Description
The (ECMAScript) regular expression [\W\D]
describes a character class that matches the union of (a) all non-alphanumeric characters and (b) all non-digits. So effectively, should be equivalent to [\D]
and thus match all non-digits. However, Boost.Regex actually matches only non-alphanumeric characters.
Test case:
#include <iostream>
#include <boost/regex.hpp>
using namespace boost;
int main()
{
regex re(R"([\W\D])");
std::cout << "matches alphabetic: " << regex_match("a", re) << '\n'
<< "matches digit: " << regex_match("0", re) << '\n'
<< "matches non-alphanumeric: " << regex_match(".", re);
return 0;
}
https://godbolt.org/z/jPf79j5nr
This prints:
matches alphabetic: 0
matches digit: 0
matches non-alphanumeric: 1
But it should print:
matches alphabetic: 1
matches digit: 0
matches non-alphanumeric: 1
I think the problem lies here:
regex/include/boost/regex/v5/basic_regex_creator.hpp
Lines 106 to 110 in 3593750
The negated character classes are bitwise or'ed, but De Morgan's law says that (not w) or (not d) = not (w and d)
, so the bit masks should really be bitwise and'ed.

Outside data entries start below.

(* Let $q$ be a prime power, $t\ge1$, $F=\mathbb{F}_{q^t}$, $A\subseteq F$ with $|A|=n\le q^t$, and let $k$ satisfy $r=n-k\ge q^s$ for some integer $s<t$. Let $W=\{0,w_1,\dots,w_{q^s-1}\}$ be an $\mathbb{F}_q$-subspace of $F$ of dimension $s$, let $\alpha^*\in A$, let $\{\beta_1,\dots,\beta_t\}$ be an arbitrary $\mathbb{F}_q$-basis of $F$, and set \[ g_i(x)=\beta_i\prod_{j=1}^{q^s-1}\Big(x-\big(\alpha^*-w_j^{-1}\beta_i\big)\Big),\quad i=1,\dots,t. \] Then the check polynomials $g_1,\dots,g_t$ yield a linear repair scheme over $\mathbb{F}_q$ for the codeword symbol $f(\alpha^* )$ of the Reed-Solomon code $\mathrm{RS}(A,k)$ with repair bandwidth at most $(n-1)(t-s)\log_2 q$ bits. Moreover, when $n=|F|=q^t$ and $r=q^s$, this repair bandwidth is optimal among linear repair schemes over $\mathbb{F}_q$.
   Context: $\mathrm{RS}(A,k)=\{(f(\alpha))_{\alpha\in A} : f\in F[x],\ \deg f<k\}$, with $f(\alpha)$ stored at node $\alpha$. Every polynomial $g\in F[x]$ of degree at most $r-1$ gives a dual codeword (a check): $\sum_{\alpha\in A}\lambda_\alpha g(\alpha)f(\alpha)=0$ for fixed nonzero multipliers $\lambda_\alpha$. Given checks $g_1,\dots,g_t$ of degree at most $r-1$ with $\mathrm{rank}_{\mathbb{F}_q}\{g_i(\alpha^* )\}_i=t$, one obtains a linear repair scheme over $\mathbb{F}_q$: applying $\mathrm{Tr}_{F/\mathbb{F}_q}$ to the check equations, the replacement node recovers $t$ independent traces of $f(\alpha^* )$ by downloading from each node $\alpha\ne\alpha^*$ exactly $b_\alpha=\mathrm{rank}_{\mathbb{F}_q}\{g_1(\alpha),\dots,g_t(\alpha)\}$ sub-symbols of $\mathbb{F}_q$; the repair bandwidth is $\sum_{\alpha\neq\alpha^*}b_\alpha$ sub-symbols, i.e. $\log_2 q$ times that many bits. In general a linear repair scheme over $\mathbb{F}_q$ is one where each node sends $\mathbb{F}_q$-linear functions of its symbol and $f(\alpha^* )$ is recovered $\mathbb{F}_q$-linearly; its bandwidth is the total amount downloaded. *)

From HB Require Import structures.
From mathcomp Require Import all_boot all_order all_algebra all_field.
Set Implicit Arguments. Unset Strict Implicit. Unset Printing Implicit Defensive.
Import GRing.Theory.
Local Open Scope ring_scope.

Section Repair.
Variables (F0 : finFieldType) (L : fieldExtType F0).

(* A download plan: a list of (node, F_q-linear functional applied at that node).
   Each entry is one downloaded sub-symbol of F_q. *)
Definition download (D : seq (L * 'Hom(L, F0^o))) (f : {poly L}) : 'rV[F0]_(size D) :=
  \row_(j < size D) ((nth (0, 0%VF) D j).2 (f.[(nth (0, 0%VF) D j).1]) : F0).

(* Its bandwidth is size D sub-symbols. *)
Definition lin_repair_scheme (A : seq L) (k : nat) (astar : L)
    (D : seq (L * 'Hom(L, F0^o))) (rho : 'Hom('rV[F0]_(size D), L)) : Prop :=
  (forall p, p \in D -> p.1 \in A /\ p.1 != astar) /\
  (forall f : {poly L}, (size f <= k)%N -> rho (download D f) = f.[astar]).

Definition check_poly (ws : seq L) (astar beta : L) : {poly L} :=
  beta *: \prod_(w <- ws) ('X - (astar - w^-1 * beta)%:P).

Definition node_bw (gs : seq {poly L}) (alpha : L) : nat :=
  \dim <<[seq g.[alpha] | g <- gs]>>%VS.

End Repair.

From HB Require Import structures.
From mathcomp Require Import all_boot all_order all_algebra all_field zify ring.
Import GRing.Theory.
Set Implicit Arguments. Unset Strict Implicit. Unset Printing Implicit Defensive.

(* At a node a, each check g_b is, up to the nonzero constant prod_w w^-1, the
   subspace polynomial of the F_q-space (a - astar) W evaluated at b.  Subspace
   polynomials are F_q-linear, so g_1(a), ..., g_t(a) span the image of a single
   F_q-linear map of L.  At astar this map is the injective x |-> x^(q^s); at any
   other node it kills the s-dimensional space (a - astar) W.  Hence the rank is t at
   astar and at most t - s elsewhere, and applying a nonzero F_q-functional tau to the
   dual-codeword identities sum_a lambda_a g(a) f(a) = 0 turns these ranks into a
   repair scheme.
   For optimality, the recovery map rho yields at each node a the F_q-linear map
   theta |-> (tau (theta * rho e_j))_j, j ranging over the downloads from a, whose
   rank is at most the number of these downloads.  A nonzero theta lies in the kernels
   of at most q^s - 1 of these maps: otherwise the polynomial vanishing at the other
   nodes has degree < k, and recovering its value at astar contradicts tau != 0.
   Counting the pairs (a, theta) bounds sum_a q^(dim ker_a), and the convexity of
   z |-> q^z then bounds sum_a dim ker_a by (n - 1) s. *)

Lemma count_neq_uniq (T : eqType) (s : seq T) x :
  uniq s -> x \in s -> count (fun y => y != x) s = (size s).-1.
Proof.
by move=> s_uniq xs; rewrite -(count_predC (pred1 x)) (count_uniq_mem _ s_uniq) xs add1n.
Qed.

Lemma bernoulli_expn q m : 0 < q -> (q - 1) * m + 1 <= q ^ m.
Proof.
move=> q_gt0; elim: m => [|m IHm]; first by rewrite muln0.
have : 1 <= q ^ m by rewrite expn_gt0 q_gt0.
rewrite expnS; nia.
Qed.

Lemma expnS_le_secant q m : 0 < q -> q ^ m.+1 <= q + (q - 1) * m * q ^ m.
Proof.
move=> q_gt0; elim: m => [|m IHm]; first by rewrite expn1 muln0 addn0.
have : 1 <= q ^ m by rewrite expn_gt0 q_gt0.
rewrite !expnS in IHm *; nia.
Qed.

(* The secant of z |-> q ^ z through s - 1 and s lies below the graph at every integer z. *)
Lemma expn_secant q s z :
  0 < q -> q ^ s * (q - 1) * z + q ^ s.+1 <= q ^ z.+1 + q ^ s * (q - 1) * s.
Proof.
move=> q_gt0; case: (leqP s z) => [le_sz|lt_zs].
- have [m ->] : exists m, z = s + m by exists (z - s); lia.
  have h : (q - 1) * m + q <= q * q ^ m by have := bernoulli_expn m q_gt0; nia.
  have := leq_mul (leqnn (q ^ s)) h; rewrite !expnS expnD; nia.
- have [m ->] : exists m, s = z + m by exists (s - z); lia.
  have := leq_mul (leqnn (q ^ z)) (expnS_le_secant m q_gt0); rewrite !expnS expnD; nia.
Qed.

Lemma sum_le_of_sum_expn_le q s (l : seq nat) : 1 < q ->
  \sum_(z <- l) q ^ z <= size l * q ^ s -> \sum_(z <- l) z <= size l * s.
Proof.
move=> q_gt1 sum_exp_le.
have secant_sum : \sum_(z <- l) (q ^ s * (q - 1) * z + q ^ s.+1)
    <= \sum_(z <- l) (q * q ^ z + q ^ s * (q - 1) * s).
  by apply: leq_sum => z _; rewrite -expnS; apply: expn_secant; apply: ltnW.
rewrite !big_split /= -!big_distrr /= !big_const_seq !count_predT !iter_addn_0 in secant_sum.
have pos : 0 < q ^ s * (q - 1) by rewrite muln_gt0 expn_gt0 ltnW //= subn_gt0.
rewrite -(leq_pmul2l pos); move: secant_sum (leq_mul (leqnn q) sum_exp_le).
set S := \sum_(z <- l) z; set T := \sum_(z <- l) q ^ z; rewrite expnS; nia.
Qed.

Local Open Scope ring_scope.

Section LinearMaps.
Variables (K : fieldType) (aT rT : vectType K).

Lemma linfunE (f : aT -> rT) : linear f -> linfun f =1 f.
Proof. by move=> fL; exact: (lfunE (HB.pack f (GRing.isLinear.Build _ _ _ _ f fL))). Qed.

Lemma lfun_factor (wT : vectType K) (f : 'Hom(aT, rT)) (g : 'Hom(aT, wT)) :
  (lker f <= lker g)%VS -> exists h : 'Hom(rT, wT), (h \o f)%VF = g.
Proof.
move=> /subvP kerfg; exists (g \o f^-1)%VF; apply/lfunP => u; rewrite !comp_lfunE.
have : f^-1%VF (f u) - u \in lker f.
  by rewrite memv_ker linearB /= limg_lfunVK ?memv_img ?memvf // subrr.
by move/kerfg; rewrite memv_ker linearB /= subr_eq0 => /eqP.
Qed.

But bitwise and'ing would be problematic as well, because no requirement is placed on traits classes that and'ing the character class bit masks corresponds to the intersection of the character classes. I guess and'ing will probably still work for traits classes provided by Boost.Regex (although I haven't checked that), but it's not guaranteed to do the right thing for user-provided traits classes.